Follow-on analyses have not shown much change, Edwards says. The favorite proteins function in pathways of biomedical interest, but much of the proteome still generates few or no papers. “The balance is probably not right,” he says. Researchers stick to reagents they know and to target proteins they know.
Edwards hopes a new reagent can be more than a “new shiny antibody for a chestnut,” he says, referring to a well-studied protein. New affinity reagents could let scientists ask different, more expansive questions, of the 'chestnuts' as well as the less-studied proteins. New approaches to distribution might also be needed. Research papers describing the advantages of the new reagents will help. But resources that wait for users to come and get new affinity reagents are not working, he says.

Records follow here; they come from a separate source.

Definition shift {X Y} : Mor T X Y -> Mor T (sh X) (sh Y) := @shm k T X Y.
Fact shift_is_linear X Y : linear (@shift X Y).
Proof. by move=> a f f'; rewrite /shift shm_lin. Qed.
HB.instance Definition _ X Y :=
  GRing.isLinear.Build k (Mor T X Y) (Mor T (sh X) (sh Y)) *:%R (@shift X Y)
    (shift_is_linear X Y).

Lemma compm0 {X Y Z} (g : Mor T Y Z) : comp g (0 : Mor T X Y) = 0.
Proof. exact: (linear0 (postcomp g)). Qed.

Lemma comp0m {X Y Z} (f : Mor T X Y) : comp (0 : Mor T Y Z) f = 0.
Proof. exact: (linear0 (precomp f)). Qed.

Lemma compmN {X Y Z} (g : Mor T Y Z) (f : Mor T X Y) : comp g (- f) = - comp g f.
Proof. exact: (linearN (postcomp g)). Qed.

Lemma compNm {X Y Z} (g : Mor T Y Z) (f : Mor T X Y) : comp (- g) f = - comp g f.
Proof. exact: (linearN (precomp f)). Qed.

Lemma shm_eq0 {X Y} (f : Mor T X Y) : (shm f == 0) = (f == 0).
Proof. by rewrite -(linear0 (@shift X Y)) (inj_eq (@shm_inj _ _ X Y)). Qed.

Definition hom_map W {Y Z} (g : Mor T Y Z) : 'Hom(Mor T W Y, Mor T W Z) :=
  linfun (postcomp g).

Lemma hom_mapE W {Y Z} (g : Mor T Y Z) f : hom_map W g f = comp g f.
Proof. by rewrite lfunE. Qed.

Lemma lker_hom_mapN W {Y Z} (g : Mor T Y Z) : lker (hom_map W (- g)) = lker (hom_map W g).
Proof. by apply/vspaceP=> f; rewrite !memv_ker !hom_mapE compNm oppr_eq0. Qed.

Lemma dim_Mor_sh X Y : \dim {:Mor T (sh X) (sh Y)} = \dim {:Mor T X Y}.
Proof.
pose F := linfun (@shift X Y).
have limgF : limg F = fullv.
  apply/eqP; rewrite eqEsubv subvf; apply/subvP=> g _.
  have [f <-] := shm_surj g.
  by apply/memv_imgP; exists f; rewrite ?memvf // lfunE.
have lkerF : lker F = 0%VS by apply/eqP/lker0P=> f f'; rewrite !lfunE; apply: shm_inj.
by rewrite -(dim_lker_limg F) limgF lkerF dimv0.
Qed.

Lemma dim_Mor_serre X Y : \dim {:Mor T X Y} = \dim {:Mor T Y (sh (sh X))}.
Proof.
rewrite -(dim_lker_limg (serre X Y)) serre_inj serre_surj dimv0 add0n.
by rewrite !dimvf /dim /= muln1.
Qed.

Lemma dim_Mor_shn p q X Y : \dim {:Mor T (shn p X) (shn q Y)} = ext (q%:Z - p%:Z) X Y.
Proof.
have dim_shn r X' Y' : \dim {:Mor T (shn r X') (shn r Y')} = \dim {:Mor T X' Y'}.
  by elim: r => //= r IHr; rewrite dim_Mor_sh.
case: (leqP p q) => [le_pq | lt_qp].
  rewrite -(subnKC le_pq) /shn iterD -/(shn p _) -/(shn _ Y) dim_shn.
  by have -> : (p + (q - p))%N%:Z - p%:Z = Posz (q - p) by lia.
rewrite -(subnKC (ltnW lt_qp)) /shn iterD -/(shn q _) -/(shn _ X) dim_shn.
have -> : q%:Z - (q + (p - q))%N%:Z = Negz (p - q).-1 by rewrite NegzE; lia.
by rewrite /ext prednK ?subn_gt0.
Qed.

Lemma dim_Mor_shn_sh p q X Y :
  \dim {:Mor T (shn p X) (sh (shn q Y))} = ext (q.+1%:Z - p%:Z) X Y.
Proof. exact: dim_Mor_shn p q.+1 X Y. Qed.

Lemma int_nat_diff (i : int) : exists p q : nat, i = q%:Z - p%:Z.
Proof. by case: i => n; [exists 0%N, n | exists n.+1, 0%N]; rewrite ?NegzE; lia. Qed.

Lemma ext_serre (i j : int) X Y : i + j = 2 -> ext i X Y = ext j Y X.
Proof.
have [p [q ->]] := int_nat_diff i => ij2.
by rewrite -dim_Mor_shn dim_Mor_serre (dim_Mor_shn q p.+2); congr ext; lia.
Qed.

Lemma ext_shn2r (i : int) X Y : ext i X (shn 2 Y) = ext (i + 2) X Y.
Proof.
have [p [q ->]] := int_nat_diff i.
rewrite -dim_Mor_shn /shn -iterD -/(shn _ Y) dim_Mor_shn.
by congr ext; lia.
Qed.

Lemma ext_shn2l (i : int) X Y : ext i (shn 2 X) Y = ext (i - 2) X Y.
Proof.
rewrite (ext_serre i (2 - i)) ?ext_shn2r; last lia.
by apply: ext_serre; lia.
Qed.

“I think the stockpile idea is flawed, because no one will know in advance what you should be stockpiling,” says Andreas Plückthun of the University of Zurich, who makes engineered antibody alternatives called designed ankyrin repeat proteins (DARPins) and is involved with the NIH and EU projects. Instead of stockpiling, he prefers an application-oriented approach, because these new affinity reagents can be produced quickly and on demand. His DARPins can be engineered in many formats, with many types of attachments bound either loosely or rigidly5. And they can be used within cells, too, which is difficult to do with antibodies, he says.

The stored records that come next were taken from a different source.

Lemma yout_OL_restart x u t s : Uset S u -> sval t <= sval s ->
  `|yout S s x u| <= sigma `|yout S t x u| + gamma (unorm S u).
Proof.
move=> Su ts; have [Sv vu] := Uset_shift t Su.
rewrite (yout_cocycle x ts Su); apply: le_trans (yOL (phi S t x u) (tsub ts) Sv) _.
by rewrite yout0 // taddC tadd0 lerD2l classK_le ?unorm_ge0.
Qed.

Lemma yout_bound_of_h_Kbounded : h_Kbounded S -> exists psi gamma0,
  [/\ classK psi, classK gamma0 & forall x u t, Uset S u ->
      `|yout S t x u| <= psi `|x| + gamma0 (unorm S u)].
Proof.
move=> [sigma1 [gamma1 [Ksigma1 [Kgamma1 hle]]]].
have two : (0 : R) < 2 by [].
exists (fun r => sigma (2 * sigma1 r)), (fun s => sigma (2 * gamma1 s) + gamma s).
split=> [||x u t Su]; first exact: classK_comp Ksigma (classK_scale two Ksigma1).
  exact: classK_add (classK_comp Ksigma (classK_scale two Kgamma1)) Kgamma.
apply: le_trans (yOL x t Su) _; rewrite addrA lerD2r yout0 //.
apply: le_trans (classK_le Ksigma (normr_ge0 _) (hle x _ Su)) _.
by apply: classK_add_le; rewrite ?classK_ge0 ?unorm_ge0.
Qed.

Lemma OULIM_OUAG : classKinf gamma -> OULIM S -> OUAG S.
Proof.
move=> Kinfgamma [gammaL [[KgammaL _] yOULIM]].
have two : (0 : R) < 2 by [].
exists (fun s => sigma (2 * gammaL s) + gamma s); split.
  exact: classKinf_add (classK_comp Ksigma (classK_scale two KgammaL)) Kinfgamma.
move=> e r s e0 r0 s0.
have [d d0 sigma2d] := classK_small (classK_comp Ksigma (classK_scale two (@classK_id R))) e0.
have [tau ytau] := yOULIM d r s d0 r0 s0.
exists tau => x u t xr Su us taut; have [t0 [t0tau yt0]] := ytau x u xr Su us.
apply: le_trans (yout_OL_restart x Su (le_trans t0tau taut)) _.
rewrite addrA lerD2r (le_trans (classK_le Ksigma (normr_ge0 _) yt0)) //.
apply: le_trans (classK_add_le Ksigma (ltW d0) _) _; first by rewrite classK_ge0 ?unorm_ge0.
by rewrite lerD2r.
Qed.

End OutputLagrange.

Lemma OUAG_bounded_IOS psi gamma0 : classK psi -> classK gamma0 ->
  (forall x u t, Uset S u -> `|yout S t x u| <= psi `|x| + gamma0 (unorm S u)) ->
  OUAG S -> IOS S.
Proof.
move=> Kpsi Kgamma0 ybound [gammaA [[KgammaA _] yOUAG]].
pose g s := gamma0 s + gammaA s + s.
have Kinfg : classKinf g := classKinf_add (classK_add Kgamma0 KgammaA) (@classKinf_id R).
pose D (a : X * (time R k -> U) * time R k) := Uset S a.1.2.
pose V a := `|yout S a.2 a.1.1 a.1.2| - g (unorm S a.1.2).
have u0 u : Uset S u -> [/\ 0 <= unorm S u, 0 <= gamma0 (unorm S u)
    & 0 <= gammaA (unorm S u)].
  by move=> Su; rewrite !classK_ge0 ?unorm_ge0.
have [||||beta [KLbeta Vbeta]] := @uniform_decay_classKL R _ D V
  (fun a => `|a.1.1|) (fun a => sval a.2) psi Kpsi.
- by [].
- by move=> a _; exact: time_ge0.
- move=> [[x u] t] /= Su; have [? ? ?] := u0 u Su.
  by have := ybound x u t Su; rewrite /V /g /=; lra.
- (* The summand [s] of [g] makes V nonpositive for inputs of norm >= psi r + 1,
     so OUAG is only needed for bounded inputs. *)
  move=> e r e0 r0; have s0 : 0 < psi r + 1 by rewrite ltr_wpDl ?classK_ge0 ?ltW.
  have [tau ytau] := yOUAG e r _ e0 r0 s0; exists (sval tau) => -[[x u] t] /= Su xr taut.
  have [? ? ?] := u0 u Su; rewrite /V /g /=.
  have [us|su] := ltP (unorm S u) (psi r + 1).
    by have := ytau x u t xr Su us taut; lra.
  have := classK_le Kpsi (normr_ge0 x) (ltW xr).
  by have := ybound x u t Su; lra.
exists beta, g; do 2!split => //; move=> x u t Su.
by rewrite -lerBlDr; exact: (Vbeta (x, u, t)).
Qed.

Lemma OL_OULIM_OUAG : OL S -> OULIM S -> OUAG S.
Proof.
move=> [sigma [gamma [[Ksigma _] [Kgamma yOL]]]].
exact: (OULIM_OUAG Ksigma Kgamma.1 yOL Kgamma).
Qed.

Plückthun and his team have created DARPins with attached fluorophores, which light up once the affinity reagent latches on to its target to show, for example, activation of extracellular signal−regulated kinase (ERK) in living cells. “You basically have real-time, real-space information about who is activated when and where,” he says.
For his DARPins and other affinity reagents, high-throughput methods are in development, and new business models are emerging (Box 1). He acknowledges the nudging from colleagues asking when the new affinity reagents will be ready and cheap. For now, he says, the sophisticated selection methods call for highly qualified researchers, which makes the reagents expensive. “We're still in research mode trying to develop faster and better methods,” he says. In his view, which he shares with many others in this emerging field, new affinity reagents will help biology research move far beyond what has been possible with antibodies.
References
Marx, V. Nat. Methods 10, 703–707 (2013).
Fredriksson, S. et al. Nat. Biotechnol. 20, 473–477 (2002).
Colwill, K., Renewable Protein Binder Working Group & Gräslund, S. Nat. Methods 8, 551–558 (2011).
Edwards, A.M. et al. Nature 470, 163–165 (2011).
Gu, G.J. et al. Nat. Biotechnol. 30, 144–152 (2013).
Mehan, M.R. et al. PLoS ONE 7, e35157 (2012).